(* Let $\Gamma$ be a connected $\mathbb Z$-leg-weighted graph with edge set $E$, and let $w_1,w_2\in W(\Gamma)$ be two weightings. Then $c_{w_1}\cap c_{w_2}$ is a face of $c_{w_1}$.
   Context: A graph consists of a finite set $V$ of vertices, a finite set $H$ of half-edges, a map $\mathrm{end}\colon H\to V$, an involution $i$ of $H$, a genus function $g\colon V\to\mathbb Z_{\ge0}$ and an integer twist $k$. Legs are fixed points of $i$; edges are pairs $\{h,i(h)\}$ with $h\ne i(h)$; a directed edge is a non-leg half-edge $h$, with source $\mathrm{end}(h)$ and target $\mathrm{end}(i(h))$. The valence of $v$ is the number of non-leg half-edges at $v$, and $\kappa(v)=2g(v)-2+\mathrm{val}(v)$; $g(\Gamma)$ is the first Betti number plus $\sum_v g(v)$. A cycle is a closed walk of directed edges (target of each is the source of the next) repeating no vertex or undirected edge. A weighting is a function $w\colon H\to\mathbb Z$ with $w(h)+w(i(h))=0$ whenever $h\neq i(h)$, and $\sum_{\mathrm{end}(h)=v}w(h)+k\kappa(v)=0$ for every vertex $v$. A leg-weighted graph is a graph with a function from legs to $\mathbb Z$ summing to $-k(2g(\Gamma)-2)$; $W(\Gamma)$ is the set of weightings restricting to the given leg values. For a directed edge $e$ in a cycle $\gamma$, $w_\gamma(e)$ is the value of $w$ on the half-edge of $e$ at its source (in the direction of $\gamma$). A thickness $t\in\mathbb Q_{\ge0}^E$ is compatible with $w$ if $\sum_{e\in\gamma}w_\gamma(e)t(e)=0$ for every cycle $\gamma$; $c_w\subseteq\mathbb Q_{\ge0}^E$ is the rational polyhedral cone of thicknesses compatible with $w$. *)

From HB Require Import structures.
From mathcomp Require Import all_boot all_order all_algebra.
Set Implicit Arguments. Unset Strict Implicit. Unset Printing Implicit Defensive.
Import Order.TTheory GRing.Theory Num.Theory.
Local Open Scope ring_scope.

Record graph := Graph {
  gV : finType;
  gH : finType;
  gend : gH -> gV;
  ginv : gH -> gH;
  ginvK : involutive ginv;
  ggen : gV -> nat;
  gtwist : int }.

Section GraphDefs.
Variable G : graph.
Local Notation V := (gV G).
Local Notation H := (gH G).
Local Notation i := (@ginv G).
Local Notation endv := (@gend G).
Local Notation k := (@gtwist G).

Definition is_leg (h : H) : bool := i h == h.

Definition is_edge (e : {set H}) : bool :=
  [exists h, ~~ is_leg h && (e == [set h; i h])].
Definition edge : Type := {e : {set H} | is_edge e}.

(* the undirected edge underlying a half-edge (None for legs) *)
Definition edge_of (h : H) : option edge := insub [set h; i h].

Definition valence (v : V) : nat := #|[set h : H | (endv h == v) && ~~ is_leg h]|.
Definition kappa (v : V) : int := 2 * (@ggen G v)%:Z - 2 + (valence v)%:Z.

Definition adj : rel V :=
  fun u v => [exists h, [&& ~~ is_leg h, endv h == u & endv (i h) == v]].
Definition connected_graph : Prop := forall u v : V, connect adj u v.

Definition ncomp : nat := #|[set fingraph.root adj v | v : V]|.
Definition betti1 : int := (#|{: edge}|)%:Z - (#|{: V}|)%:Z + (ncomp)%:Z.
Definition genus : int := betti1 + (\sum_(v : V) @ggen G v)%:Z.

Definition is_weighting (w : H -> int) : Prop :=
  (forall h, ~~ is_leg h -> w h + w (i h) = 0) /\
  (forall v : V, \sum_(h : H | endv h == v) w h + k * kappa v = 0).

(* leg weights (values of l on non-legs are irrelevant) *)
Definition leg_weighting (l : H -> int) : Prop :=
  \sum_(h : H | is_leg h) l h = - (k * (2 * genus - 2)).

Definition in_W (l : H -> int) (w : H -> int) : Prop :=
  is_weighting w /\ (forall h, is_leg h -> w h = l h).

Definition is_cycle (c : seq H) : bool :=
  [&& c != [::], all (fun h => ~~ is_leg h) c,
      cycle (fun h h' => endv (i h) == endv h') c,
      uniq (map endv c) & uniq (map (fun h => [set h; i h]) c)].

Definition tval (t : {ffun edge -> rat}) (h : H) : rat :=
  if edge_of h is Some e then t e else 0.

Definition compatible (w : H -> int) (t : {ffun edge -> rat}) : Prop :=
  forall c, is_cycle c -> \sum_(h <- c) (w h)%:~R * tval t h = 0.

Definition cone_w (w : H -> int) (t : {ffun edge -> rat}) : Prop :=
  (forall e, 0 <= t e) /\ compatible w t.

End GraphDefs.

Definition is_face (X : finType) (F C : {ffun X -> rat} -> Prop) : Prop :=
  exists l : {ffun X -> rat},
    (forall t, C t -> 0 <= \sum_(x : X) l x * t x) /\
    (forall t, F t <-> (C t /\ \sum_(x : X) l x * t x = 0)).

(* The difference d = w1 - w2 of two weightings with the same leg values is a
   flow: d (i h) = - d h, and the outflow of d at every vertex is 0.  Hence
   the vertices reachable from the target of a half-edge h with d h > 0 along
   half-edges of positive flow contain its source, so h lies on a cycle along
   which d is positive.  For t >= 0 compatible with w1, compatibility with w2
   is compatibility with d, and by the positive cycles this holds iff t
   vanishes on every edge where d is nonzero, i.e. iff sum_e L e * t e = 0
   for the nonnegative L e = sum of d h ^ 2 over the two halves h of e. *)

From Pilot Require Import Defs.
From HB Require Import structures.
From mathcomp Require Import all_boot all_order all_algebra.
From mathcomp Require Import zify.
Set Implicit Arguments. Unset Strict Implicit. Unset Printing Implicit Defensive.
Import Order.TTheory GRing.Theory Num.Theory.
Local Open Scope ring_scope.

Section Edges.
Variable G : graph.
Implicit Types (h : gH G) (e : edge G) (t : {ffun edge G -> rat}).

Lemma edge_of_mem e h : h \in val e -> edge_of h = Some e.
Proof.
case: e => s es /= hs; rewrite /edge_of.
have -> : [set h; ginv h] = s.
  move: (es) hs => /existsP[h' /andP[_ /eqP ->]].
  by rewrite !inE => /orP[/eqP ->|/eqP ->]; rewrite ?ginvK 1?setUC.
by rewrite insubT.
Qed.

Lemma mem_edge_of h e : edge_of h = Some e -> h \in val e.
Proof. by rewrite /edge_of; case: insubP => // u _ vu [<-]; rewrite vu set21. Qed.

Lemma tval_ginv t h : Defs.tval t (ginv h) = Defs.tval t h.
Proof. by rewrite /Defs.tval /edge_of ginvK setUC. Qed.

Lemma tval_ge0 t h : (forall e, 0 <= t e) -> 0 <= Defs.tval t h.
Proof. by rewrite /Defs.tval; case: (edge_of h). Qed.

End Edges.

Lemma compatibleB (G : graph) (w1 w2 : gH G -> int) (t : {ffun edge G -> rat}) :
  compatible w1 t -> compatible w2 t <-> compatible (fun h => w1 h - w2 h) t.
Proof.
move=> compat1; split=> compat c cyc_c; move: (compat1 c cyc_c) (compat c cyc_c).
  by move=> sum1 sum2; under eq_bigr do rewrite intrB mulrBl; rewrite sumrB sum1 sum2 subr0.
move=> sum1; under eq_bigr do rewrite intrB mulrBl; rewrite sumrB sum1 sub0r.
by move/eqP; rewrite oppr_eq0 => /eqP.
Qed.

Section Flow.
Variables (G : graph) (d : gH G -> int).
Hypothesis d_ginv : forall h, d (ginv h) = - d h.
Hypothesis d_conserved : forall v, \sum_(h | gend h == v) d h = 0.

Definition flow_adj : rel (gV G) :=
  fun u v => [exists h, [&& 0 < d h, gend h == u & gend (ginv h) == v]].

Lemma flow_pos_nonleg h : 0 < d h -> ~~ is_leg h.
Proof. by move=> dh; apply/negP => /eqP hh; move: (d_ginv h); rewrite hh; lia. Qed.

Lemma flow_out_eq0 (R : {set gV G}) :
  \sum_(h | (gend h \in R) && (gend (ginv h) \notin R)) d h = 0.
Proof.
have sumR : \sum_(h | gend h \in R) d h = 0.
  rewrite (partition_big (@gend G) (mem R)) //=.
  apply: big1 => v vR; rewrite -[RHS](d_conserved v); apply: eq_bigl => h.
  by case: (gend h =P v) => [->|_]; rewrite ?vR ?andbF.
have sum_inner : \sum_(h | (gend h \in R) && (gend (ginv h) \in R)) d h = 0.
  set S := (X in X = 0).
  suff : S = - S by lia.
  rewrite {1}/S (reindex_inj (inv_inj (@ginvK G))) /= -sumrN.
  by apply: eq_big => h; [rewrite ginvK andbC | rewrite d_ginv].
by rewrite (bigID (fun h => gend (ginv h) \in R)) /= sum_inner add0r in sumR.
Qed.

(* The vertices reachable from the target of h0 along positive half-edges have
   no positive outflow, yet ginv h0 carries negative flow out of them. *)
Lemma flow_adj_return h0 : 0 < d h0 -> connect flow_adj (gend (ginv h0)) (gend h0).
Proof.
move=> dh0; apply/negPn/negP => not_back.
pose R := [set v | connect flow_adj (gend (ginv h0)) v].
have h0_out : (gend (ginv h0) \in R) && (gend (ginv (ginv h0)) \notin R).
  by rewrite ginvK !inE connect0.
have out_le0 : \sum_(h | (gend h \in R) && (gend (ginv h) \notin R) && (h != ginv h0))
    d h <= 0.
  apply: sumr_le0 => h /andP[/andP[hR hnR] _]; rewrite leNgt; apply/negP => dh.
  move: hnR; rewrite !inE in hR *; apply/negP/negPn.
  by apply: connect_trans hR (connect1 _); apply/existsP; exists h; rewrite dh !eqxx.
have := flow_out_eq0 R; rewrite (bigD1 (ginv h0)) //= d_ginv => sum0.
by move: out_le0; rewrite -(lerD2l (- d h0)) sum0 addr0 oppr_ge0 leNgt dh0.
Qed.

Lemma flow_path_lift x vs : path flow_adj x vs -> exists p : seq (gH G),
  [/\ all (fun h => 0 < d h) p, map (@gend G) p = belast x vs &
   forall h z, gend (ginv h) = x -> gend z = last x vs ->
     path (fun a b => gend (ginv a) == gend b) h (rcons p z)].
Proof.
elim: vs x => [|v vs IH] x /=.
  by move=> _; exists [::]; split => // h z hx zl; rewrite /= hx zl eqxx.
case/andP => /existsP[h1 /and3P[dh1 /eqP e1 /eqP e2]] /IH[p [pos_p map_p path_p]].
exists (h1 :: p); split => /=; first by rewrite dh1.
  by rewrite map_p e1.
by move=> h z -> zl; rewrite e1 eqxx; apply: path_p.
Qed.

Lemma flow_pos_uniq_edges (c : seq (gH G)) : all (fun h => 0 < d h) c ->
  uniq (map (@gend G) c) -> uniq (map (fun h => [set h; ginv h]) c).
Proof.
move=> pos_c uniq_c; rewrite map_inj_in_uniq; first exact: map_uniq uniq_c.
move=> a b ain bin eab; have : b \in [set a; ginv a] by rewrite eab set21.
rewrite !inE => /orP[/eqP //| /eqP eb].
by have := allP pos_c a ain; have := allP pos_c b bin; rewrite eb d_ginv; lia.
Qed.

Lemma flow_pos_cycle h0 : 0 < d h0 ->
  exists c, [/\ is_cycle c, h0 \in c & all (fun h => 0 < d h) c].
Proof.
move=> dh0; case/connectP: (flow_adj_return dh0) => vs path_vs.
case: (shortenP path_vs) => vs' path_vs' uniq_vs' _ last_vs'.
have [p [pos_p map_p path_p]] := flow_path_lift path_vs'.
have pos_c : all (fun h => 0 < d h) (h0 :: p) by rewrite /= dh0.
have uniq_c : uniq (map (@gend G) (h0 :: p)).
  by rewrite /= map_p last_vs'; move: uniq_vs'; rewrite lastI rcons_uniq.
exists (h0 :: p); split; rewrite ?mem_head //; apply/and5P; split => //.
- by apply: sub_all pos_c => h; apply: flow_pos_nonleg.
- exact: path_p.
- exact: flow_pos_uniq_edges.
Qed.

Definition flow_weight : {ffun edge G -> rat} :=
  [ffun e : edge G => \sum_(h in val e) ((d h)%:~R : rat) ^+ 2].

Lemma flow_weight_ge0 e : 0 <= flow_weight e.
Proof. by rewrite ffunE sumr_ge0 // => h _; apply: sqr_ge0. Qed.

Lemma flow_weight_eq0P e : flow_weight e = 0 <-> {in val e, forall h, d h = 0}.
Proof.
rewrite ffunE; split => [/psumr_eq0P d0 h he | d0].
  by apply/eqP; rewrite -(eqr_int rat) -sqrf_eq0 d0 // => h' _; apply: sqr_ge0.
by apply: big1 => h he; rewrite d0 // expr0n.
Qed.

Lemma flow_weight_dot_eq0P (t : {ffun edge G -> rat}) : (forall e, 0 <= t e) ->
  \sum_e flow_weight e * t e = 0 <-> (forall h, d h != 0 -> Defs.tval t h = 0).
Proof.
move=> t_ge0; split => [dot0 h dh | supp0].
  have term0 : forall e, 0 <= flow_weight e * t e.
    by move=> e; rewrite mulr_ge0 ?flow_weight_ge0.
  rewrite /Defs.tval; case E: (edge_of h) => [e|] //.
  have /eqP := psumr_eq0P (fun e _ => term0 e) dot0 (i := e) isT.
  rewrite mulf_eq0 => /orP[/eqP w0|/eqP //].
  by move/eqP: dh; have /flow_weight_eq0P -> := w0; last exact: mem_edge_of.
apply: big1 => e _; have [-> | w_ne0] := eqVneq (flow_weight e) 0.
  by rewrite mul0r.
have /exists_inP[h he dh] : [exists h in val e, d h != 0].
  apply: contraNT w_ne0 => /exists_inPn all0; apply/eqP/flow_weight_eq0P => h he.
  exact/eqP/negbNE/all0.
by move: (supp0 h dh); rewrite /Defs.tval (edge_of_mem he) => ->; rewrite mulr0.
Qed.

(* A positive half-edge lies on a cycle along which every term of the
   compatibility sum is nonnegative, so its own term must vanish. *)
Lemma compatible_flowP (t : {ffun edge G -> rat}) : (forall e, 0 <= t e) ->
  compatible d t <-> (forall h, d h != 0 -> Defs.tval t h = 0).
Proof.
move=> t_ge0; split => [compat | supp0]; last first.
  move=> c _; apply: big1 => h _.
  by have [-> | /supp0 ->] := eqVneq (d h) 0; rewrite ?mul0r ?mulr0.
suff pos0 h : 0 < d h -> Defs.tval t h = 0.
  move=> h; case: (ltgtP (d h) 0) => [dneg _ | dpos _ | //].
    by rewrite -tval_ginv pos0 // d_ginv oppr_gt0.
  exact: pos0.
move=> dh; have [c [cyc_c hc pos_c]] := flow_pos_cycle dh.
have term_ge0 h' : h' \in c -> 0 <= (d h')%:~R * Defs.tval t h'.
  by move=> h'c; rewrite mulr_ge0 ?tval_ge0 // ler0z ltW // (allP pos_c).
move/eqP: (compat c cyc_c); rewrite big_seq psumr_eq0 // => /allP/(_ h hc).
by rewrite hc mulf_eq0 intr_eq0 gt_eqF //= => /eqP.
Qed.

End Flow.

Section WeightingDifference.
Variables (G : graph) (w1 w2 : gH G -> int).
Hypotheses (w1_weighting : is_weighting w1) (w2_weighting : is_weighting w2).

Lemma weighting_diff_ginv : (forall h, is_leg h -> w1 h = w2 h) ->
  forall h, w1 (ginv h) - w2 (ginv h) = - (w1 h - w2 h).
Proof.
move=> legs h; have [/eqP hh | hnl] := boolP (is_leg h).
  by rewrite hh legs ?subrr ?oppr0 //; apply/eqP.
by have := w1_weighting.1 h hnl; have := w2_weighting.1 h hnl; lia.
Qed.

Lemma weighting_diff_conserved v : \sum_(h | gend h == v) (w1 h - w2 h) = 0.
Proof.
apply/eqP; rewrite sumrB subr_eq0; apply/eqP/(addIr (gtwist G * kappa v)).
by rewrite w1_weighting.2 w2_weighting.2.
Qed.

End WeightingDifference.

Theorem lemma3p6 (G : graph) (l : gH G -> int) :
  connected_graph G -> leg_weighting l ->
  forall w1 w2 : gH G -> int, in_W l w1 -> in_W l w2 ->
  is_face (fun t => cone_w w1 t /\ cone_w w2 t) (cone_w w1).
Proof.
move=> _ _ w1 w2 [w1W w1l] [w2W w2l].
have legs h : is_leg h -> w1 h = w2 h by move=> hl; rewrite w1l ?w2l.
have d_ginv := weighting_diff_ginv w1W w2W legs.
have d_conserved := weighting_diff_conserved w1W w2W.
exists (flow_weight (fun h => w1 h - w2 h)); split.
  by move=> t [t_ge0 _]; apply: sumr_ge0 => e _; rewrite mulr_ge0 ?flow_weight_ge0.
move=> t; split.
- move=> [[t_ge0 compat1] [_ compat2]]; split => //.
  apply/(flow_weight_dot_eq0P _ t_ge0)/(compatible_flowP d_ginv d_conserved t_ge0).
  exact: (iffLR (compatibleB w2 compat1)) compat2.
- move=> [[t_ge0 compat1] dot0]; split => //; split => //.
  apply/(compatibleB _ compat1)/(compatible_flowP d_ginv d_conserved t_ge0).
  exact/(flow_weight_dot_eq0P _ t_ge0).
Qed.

+++++

* [WORK TO COMPLETE]: Show the lines above that include "Some".

* [SOLUTION FOR THIS TASK]:
  if edge_of h is Some e then t e else 0.
Lemma edge_of_mem e h : h \in val e -> edge_of h = Some e.
Lemma mem_edge_of h e : edge_of h = Some e -> h \in val e.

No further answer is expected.